◆ WHAT TO WORK ON ◆
Copy out all lines of the listing below that hold "Hhigh".
- - - -
Lemma periodic_uniform_continuity h T : 0 < T -> continuity h -> periodic h T ->
  uniform_continuity h (fun _ => True).
Proof.
  intros HT Hc Hp e.
  destruct (Heine h (fun x => -1 <= x <= T + 1) (compact_P3 _ _) (fun x _ => Hc x) e)
    as [d Hd].
  exists (mkposreal _ (Rmin_pos _ _ (cond_pos d) Rlt_0_1)). simpl.
  intros s t _ _ Hst.
  destruct (period_reduce T s HT) as [k Hk].
  rewrite <- (periodic_IZR h T Hp k s), <- (periodic_IZR h T Hp k t).
  assert (Hd1 := Rmin_l d 1). assert (Hd2 := Rmin_r d 1).
  apply Rabs_lt_between in Hst.
  apply Hd; try lra. apply Rabs_lt_between. lra.
Qed.

Lemma uniform_radius (P : R -> R -> Prop) T : 0 < T ->
  (forall x, exists m, 0 < m /\ P x m) ->
  (forall x m m', m' <= m -> P x m -> P x m') ->
  (forall x y m, Rabs (y - x) < m -> P x m -> P y (m - Rabs (y - x))) ->
  (forall x m k, P x m -> P (x + IZR k * T) m) ->
  exists L, 0 < L /\ forall x, P x L.
Proof.
  intros HT Hex Hmono Hmove Hper.
  (* the supremal radius [rho x] (capped at 1) is 1-Lipschitz, so by periodicity
     it is bounded below by its positive minimum over one period *)
  set (E := fun x m => m <= 1 /\ P x m).
  assert (Hlub : forall x, {r | is_lub (E x) r}).
  { intros x. apply completeness.
    - exists 1. intros m [Hm _]. exact Hm.
    - destruct (Hex x) as [m [_ Hm]]. exists (Rmin m 1). split; [apply Rmin_r|].
      apply Hmono with m; [apply Rmin_l|exact Hm]. }
  set (rho := fun x => proj1_sig (Hlub x)).
  assert (Hrho : forall x, is_lub (E x) (rho x)).
  { intros x. unfold rho. destruct (Hlub x) as [r Hr]. exact Hr. }
  assert (Hrho_pos : forall x, 0 < rho x).
  { intros x. destruct (Hex x) as [m [Hm HPm]].
    apply Rlt_le_trans with (Rmin m 1); [apply Rmin_pos; lra|].
    apply (proj1 (Hrho x)). split; [apply Rmin_r|].
    apply Hmono with m; [apply Rmin_l|exact HPm]. }
  assert (Hrho_lip : forall x y, rho x <= rho y + Rabs (y - x)).
  { intros x y. apply (proj2 (Hrho x)). intros m [Hm1 Hm].
    destruct (Rlt_or_le (Rabs (y - x)) m) as [Hyx|Hyx]; [|pose proof (Hrho_pos y); lra].
    assert (m - Rabs (y - x) <= rho y); [|lra].
    apply (proj1 (Hrho y)). split; [pose proof (Rabs_pos (y - x)); lra|].
    apply Hmove; assumption. }
  destruct (continuity_ab_pos_lb rho 0 T) as [mu [Hmu Hmin]];
    [lra| |intros; apply Hrho_pos|].
  - intros x _. apply continuity_pt_of_modulus. intros e He.
    exists e. split; [exact He|]. intros y Hy.
    assert (A1 := Hrho_lip x y). assert (A2 := Hrho_lip y x).
    rewrite Rabs_minus_sym in A2. apply Rabs_lt_between. lra.
  - exists (mu / 2). split; [lra|]. intros x.
    destruct (period_reduce T x HT) as [k Hk].
    destruct (is_lub_gt _ _ (mu / 2) (Hrho (x - IZR k * T))) as [m [[_ Hm] Hmu2]].
    { assert (mu <= rho (x - IZR k * T)) by (apply Hmin; lra). lra. }
    replace x with (x - IZR k * T + IZR k * T) by ring.
    apply Hper, Hmono with m; [lra|exact Hm].
Qed.

Lemma Lub_Rbar_ge E (m : R) : E m -> Rbar_le m (Lub_Rbar E).
Proof. intros Hm. apply (proj1 (Lub_Rbar_correct E)), Hm. Qed.

Lemma Lub_Rbar_gt E (r : R) : Rbar_lt r (Lub_Rbar E) -> exists m, E m /\ r < m.
Proof.
  intros Hr. apply NNPP. intros Hn.
  apply (Rbar_lt_not_le _ _ Hr), (proj2 (Lub_Rbar_correct E)).
  intros m Hm. simpl. apply Rnot_lt_le. intros Hc. apply Hn. exists m. split; assumption.
Qed.

Lemma Rbar_inf_over_ge (P : R -> Prop) F (c : R) :
  (forall i, P i -> Rbar_le c (F i)) -> Rbar_le c (Rbar_inf_over P F).
Proof.
  intros H. apply (proj2 (Glb_Rbar_correct _)). intros m [i [Hi Hm]].
  exact (Rbar_le_trans _ _ _ (H i Hi) Hm).
Qed.

Lemma Rbar_inf_over_lt (P : R -> Prop) F (r : R) i :
  Rbar_lt r (Rbar_inf_over P F) -> P i -> Rbar_lt r (F i).
Proof.
  intros Hr Hi. apply Rbar_not_le_lt. intros Hle.
  apply (Rbar_lt_not_le _ _ Hr), (proj1 (Glb_Rbar_correct _)).
  exists i. split; assumption.
Qed.

Lemma Rbar_sup_over_ge (P : R -> Prop) F (c : R) i :
  P i -> Rbar_le c (F i) -> Rbar_le c (Rbar_sup_over P F).
Proof. intros Hi Hc. apply Lub_Rbar_ge. exists i. split; assumption. Qed.

Lemma Rbar_le_of_approx (A B : Rbar) :
  (forall r eta : R, 0 < eta -> Rbar_lt r A -> Rbar_le (r - eta) B) -> Rbar_le A B.
Proof.
  intros H. destruct A as [a| |]; destruct B as [b| |]; simpl; try tauto.
  - apply Rnot_lt_le. intros Hba.
    assert (Z := H (a - (a - b) / 4) ((a - b) / 4) ltac:(lra) ltac:(simpl; lra)).
    simpl in Z. lra.
  - exact (H (a - 1) 1 Rlt_0_1 ltac:(simpl; lra)).
  - assert (Z := H (b + 2) 1 Rlt_0_1 I). simpl in Z. lra.
  - exact (H 0 1 Rlt_0_1 I).
Qed.

Lemma ex_RInt_continuity f a b : continuity f -> ex_RInt f a b.
Proof.
  intros Hf. apply (ex_RInt_continuous (V := R_CompleteNormedModule)).
  intros z _. apply continuity_pt_filterlim, Hf.
Qed.

Lemma is_RInt_zero f a b :
  (forall x, Rmin a b < x < Rmax a b -> f x = 0) -> is_RInt f a b 0.
Proof.
  intros Hf. apply is_RInt_ext with (fun _ => 0).
  - intros x Hx. symmetry. apply Hf, Hx.
  - assert (Hc := is_RInt_const (V := R_NormedModule) a b 0).
    rewrite (scal_zero_r (V := R_ModuleSpace)) in Hc. exact Hc.
Qed.

Lemma is_RInt_gen_compact_support f A B : A <= B ->
  (forall x, x < A -> f x = 0) -> (forall x, B < x -> f x = 0) -> ex_RInt f A B ->
  is_RInt_gen f (Rbar_locally m_infty) (Rbar_locally p_infty) (RInt f A B).
Proof.
  intros HAB HA HB Hex P HP.
  apply Filter_prod with (fun a => a < A) (fun b => B < b); [exists A; auto|exists B; auto|].
  intros a b Ha Hb. exists (RInt f A B). split; [|apply locally_singleton, HP].
  simpl. replace (RInt f A B) with (0 + (RInt f A B + 0)) by ring.
  apply (is_RInt_Chasles f a A b); [|apply (is_RInt_Chasles f A B b)].
  - apply is_RInt_zero. intros x Hx. apply HA.
    rewrite Rmax_right in Hx by lra. lra.
  - apply (RInt_correct (V := R_CompleteNormedModule)), Hex.
  - apply is_RInt_zero. intros x Hx. apply HB.
    rewrite Rmin_left in Hx by lra. lra.
Qed.

Lemma RInt_compact_support_mass phi : continuity phi ->
  (forall x, 1 < Rabs x -> phi x = 0) ->
  is_RInt_gen phi (Rbar_locally m_infty) (Rbar_locally p_infty) 1 ->
  RInt phi (-1) 1 = 1.
Proof.
  intros Hc Hs H1.
  assert (H2 : is_RInt_gen phi (Rbar_locally m_infty) (Rbar_locally p_infty)
                 (RInt phi (-1) 1)).
  { apply is_RInt_gen_compact_support; [lra| | |apply ex_RInt_continuity, Hc];
      intros x Hx; apply Hs; [rewrite Rabs_left|rewrite Rabs_right]; lra. }
  apply (is_RInt_gen_unique (V := R_CompleteNormedModule)) in H1, H2. congruence.
Qed.

Lemma l1_dist_sym p q : l1_dist p q = l1_dist q p.
Proof.
  unfold l1_dist. rewrite (Rabs_minus_sym (fst p)), (Rabs_minus_sym (snd p)). reflexivity.
Qed.
Lemma phase_part_moment (a b c e : 'I_d) :
  \sum_(f : {ffun 'I_d -> 'I_4}) basis_phase_weight (inr f) *
    (basis_phase_vec (inr f) a 0 * basis_phase_vec (inr f) b 0 *
     ((basis_phase_vec (inr f) c 0)^* * (basis_phase_vec (inr f) e 0)^*)) =
  ((d * d.+1)%:R)^-1 * ([forall t, 4 %| phase_exponent a b c e t]%N)%:R.
Proof.
transitivity (d%:R / (d.+1%:R * (4 ^ d)%:R) * (sqrtd ^+ 2)^-1 * (sqrtd ^+ 2)^-1 *
  \sum_(f : {ffun 'I_d -> 'I_4})
    'i ^+ (f a) * 'i ^+ (f b) * (('i ^+ (f c))^* * ('i ^+ (f e))^*)).
  rewrite mulr_sumr; apply: eq_bigr => f _.
  rewrite /= !mxE !rmorphM /= (geC0_conj (x := sqrtd^-1)) ?invr_ge0 //.
  by rewrite -!exprVn; ring.
rewrite phase_moment sqrtd_sq natrM natrX.
have pow4_neq0 : ((4 : C) ^+ d != 0) by rewrite expf_neq0 // pnatr_eq0.
by field; rewrite pow4_neq0 dC_neq0 addrC natr1 pnatr_eq0.
Qed.

Lemma basis_phase_moment : design_moment basis_phase_weight basis_phase_vec.
Proof.
move=> a b c e; rewrite big_sumType /= basis_part_moment phase_part_moment.
rewrite -mulrDr -!natrD; congr (_ * _%:R).
have [to_pairing of_pairing] := phase_exponent_dvd4P a b c e.
have -> : [forall t, 4 %| phase_exponent a b c e t]%N =
          ((a == c) && (b == e)) || ((a == e) && (b == c)).
  by apply/forallP/idP; [exact: to_pairing | exact: of_pairing].
exact: diagonal_plus_pairing.
Qed.

End BasisPhaseDesign.

Lemma design_moment_enum (C : numClosedFieldType) d (I : finType)
    (w : I -> C) (x : I -> 'cV[C]_d) :
  design_moment w x ->
  design_moment (fun k : 'I_#|I| => w (enum_val k)) (fun k => x (enum_val k)).
Proof. by move=> Hm a b c e; rewrite -Hm (big_enum_val (A := I)). Qed.

Lemma design_exists (C : numClosedFieldType) d :
  (0 < d)%N -> exists n (x : 'I_n -> 'cV[C]_d), weighted_proj_2design x.
Proof.
move=> d_gt0; have Hm := design_moment_enum (basis_phase_moment C d_gt0).
exists #|{: 'I_d + {ffun 'I_d -> 'I_4}}|, (fun k => basis_phase_vec C (enum_val k)).
apply/weighted_design_momentP; split=> [k|]; first exact: basis_phase_unit.
exists (fun k => basis_phase_weight C (enum_val k)); split=> [k|].
  exact: basis_phase_weight_ge0.
split=> //; apply: (design_weights_sum1 d_gt0 _ Hm) => k.
exact: basis_phase_unit.
Qed.

Lemma design_iff_eb_decomposition (C : numClosedFieldType) d n :
  (0 < d)%N ->
  (exists x : 'I_n -> 'cV[C]_d, weighted_proj_2design x) <->
  (exists R : 'I_n -> 'M[C]_d, eb_decomposition (@Zmap C d) R).
Proof.
move=> d_gt0; split=> [[x Hx] | [R HR]].
  exact: design_to_eb d_gt0 Hx.
exact: eb_to_design d_gt0 HR.
Qed.
Lemma Lambda_cr_lt_param_L t : 0 < t -> Lambda_cr k < param_L t.
Proof.
  intro Ht.
  assert (Hhalf : param_L (t / 2) < param_L t) by (apply param_L_lt; lra).
  enough (Lambda_cr k <= param_L (t / 2)) by lra.
  apply Rnot_lt_le. intro Hlt.
  set (g := fun s => Lambda_cr k / cosh ((INR k - 1) * s) ^ S k).
  assert (Hg : continuity_pt g 0).
  { apply derivable_continuous_pt, ex_derive_Reals_0. unfold g, cosh. auto_derive.
    rewrite Rmult_0_r, Ropp_0, exp_0, Rinv_r, pow1 by lra. lra. }
  assert (Hg0 : g 0 = Lambda_cr k) by (unfold g; rewrite Rmult_0_r, cosh_0, pow1; field).
  destruct (continuity_pt_near_right g 0 (t / 2) (Lambda_cr k - param_L (t / 2)))
    as [s [Hs Hgs]]; [exact Hg | lra | lra |].
  rewrite Hg0 in Hgs. apply Rabs_def2 in Hgs.
  assert (g s <= param_L s) by (apply param_L_lower; lra).
  assert (param_L s < param_L (t / 2)) by (apply param_L_lt; lra).
  lra.
Qed.

Lemma param_L_surj L : Lambda_cr k < L -> exists t, 0 < t /\ param_L t = L.
Proof.
  intro HL. assert (Hcr := Lambda_cr_pos).
  set (h := fun s => Lambda_cr k * cosh s * cosh (INR k * s) ^ k).
  assert (Hh : continuity_pt h 0).
  { apply derivable_continuous_pt, ex_derive_Reals_0. unfold h, cosh. auto_derive. easy. }
  assert (Hh0 : h 0 = Lambda_cr k) by (unfold h; rewrite Rmult_0_r, cosh_0, pow1; ring).
  destruct (continuity_pt_near_right h 0 L (L - Lambda_cr k)) as [s [Hs Hhs]];
    [exact Hh | lra | lra |].
  rewrite Hh0 in Hhs. apply Rabs_def2 in Hhs.
  assert (Hlow : param_L s < L).
  { assert (param_L s <= h s) by (apply param_L_upper; lra). lra. }
  assert (Hhigh : L < param_L L) by (apply param_L_gt_self; lra).
  destruct (Ranalysis5.IVT_interv (fun t => log_param_L t - ln L) s L) as [t [Ht Et]].
  - intros a Ha. apply continuity_pt_minus; [| apply continuity_pt_const; intros ? ?; reflexivity].
    apply derivable_continuous_pt, ex_derive_Reals_0.
    eexists. apply is_derive_log_param_L; lra.
  - lra.
  - rewrite (param_L_exp_log s) in Hlow by lra.
    rewrite <- (ln_exp (log_param_L s)).
    generalize (ln_increasing _ _ (exp_pos _) Hlow). lra.
  - rewrite (param_L_exp_log L) in Hhigh by lra.
    rewrite <- (ln_exp (log_param_L L)).
    assert (HL0 : 0 < L) by lra.
    generalize (ln_increasing _ _ HL0 Hhigh). lra.
  - exists t. split; [lra|].
    rewrite param_L_exp_log by lra.
    replace (log_param_L t) with (ln L) by lra. apply exp_ln. lra.
Qed.

Lemma sum_system_cases L x y : sum_system k L x y ->
  x = y \/ exists t, 0 < t /\ L = param_L t /\
    (x = param_x t /\ y = param_y t \/ x = param_y t /\ y = param_x t).
Proof.
  intros Hs. destruct (Rtotal_order x y) as [Hlt | [Heq | Hlt]]; [right | left; exact Heq | right].
  - destruct (sum_system_asym_param L y x (sum_system_swap _ _ _ _ Hs) Hlt)
      as (t & Ht & Ey & Ex & EL).
    exists t. auto.
  - destruct (sum_system_asym_param L x y Hs Hlt) as (t & Ht & Ex & Ey & EL).
    exists t. auto.
Qed.

Lemma sum_system_subcritical L x y : L <= Lambda_cr k ->
  sum_system k L x y -> x = y.
Proof.
  intros HL Hs. destruct (sum_system_cases L x y Hs) as [E | (t & Ht & EL & _)];
    [exact E|].
  generalize (Lambda_cr_lt_param_L t Ht). lra.
Qed.

Lemma sum_system_supercritical t x y : 0 < t ->
  sum_system k (param_L t) x y ->
  x = y \/ (x = param_x t /\ y = param_y t) \/ (x = param_y t /\ y = param_x t).
Proof.
  intros Ht Hs. destruct (sum_system_cases _ x y Hs) as [E | (t' & Ht' & EL & Hxy)];
    [left; exact E | right].
  apply param_L_inj in EL; [subst t'; exact Hxy | exact Ht | exact Ht'].
Qed.

End Parametrization.

Lemma is_series_term_le (a : nat -> R) l n : (forall m, 0 <= a m) -> is_series a l -> a n <= l.
Proof.
  intros Ha Hl. apply is_series_Reals in Hl.
  assert (Hgrow : Un_growing (sum_f_R0 a)) by (intro m; simpl; generalize (Ha (S m)); lra).
  apply (Rle_trans _ (sum_f_R0 a n)); [| exact (growing_ineq _ _ Hgrow Hl n)].
  destruct n as [|n]; simpl; [lra|].
  generalize (cond_pos_sum a n Ha). lra.
Qed.

Lemma Z0_term_ext (f g : Z -> R) n : eqZ0 f g -> Z0_term f n = Z0_term g n.
Proof. intro E. unfold Z0_term. rewrite !E by lia. reflexivity. Qed.

Lemma Z0_term_pos (f : Z -> R) n : (forall i, i <> 0%Z -> 0 < f i) -> 0 < Z0_term f n.
Proof.
  intro Hf. unfold Z0_term.
  assert (0 < f (Z.of_nat (S n))) by (apply Hf; lia).
  assert (0 < f (- Z.of_nat (S n))%Z) by (apply Hf; lia).
  lra.
Qed.

Lemma has_sum_Z0_unique (f g : Z -> R) s s' : eqZ0 f g ->
  has_sum_Z0 f s -> has_sum_Z0 g s' -> s = s'.
Proof.
  intros E Hf Hg. apply is_series_unique in Hf. apply is_series_unique in Hg.
  rewrite <- Hf, <- Hg. apply Series_ext. intro n. apply Z0_term_ext, E.
Qed.

Lemma has_sum_Z0_mul_r (f : Z -> R) s c : has_sum_Z0 f s ->
  has_sum_Z0 (fun i => f i * c) (s * c).
Proof.
  intro Hf. apply (is_series_ext (fun n => Z0_term f n * c)).
  - intro n. unfold Z0_term. simpl. ring.
  - apply is_series_scal_r, Hf.
Qed.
- - - -
◆ TASK RESPONSE ◆
  assert (Hhigh : L < param_L L) by (apply param_L_gt_self; lra).
  - rewrite (param_L_exp_log L) in Hhigh by lra.
    generalize (ln_increasing _ _ HL0 Hhigh). lra.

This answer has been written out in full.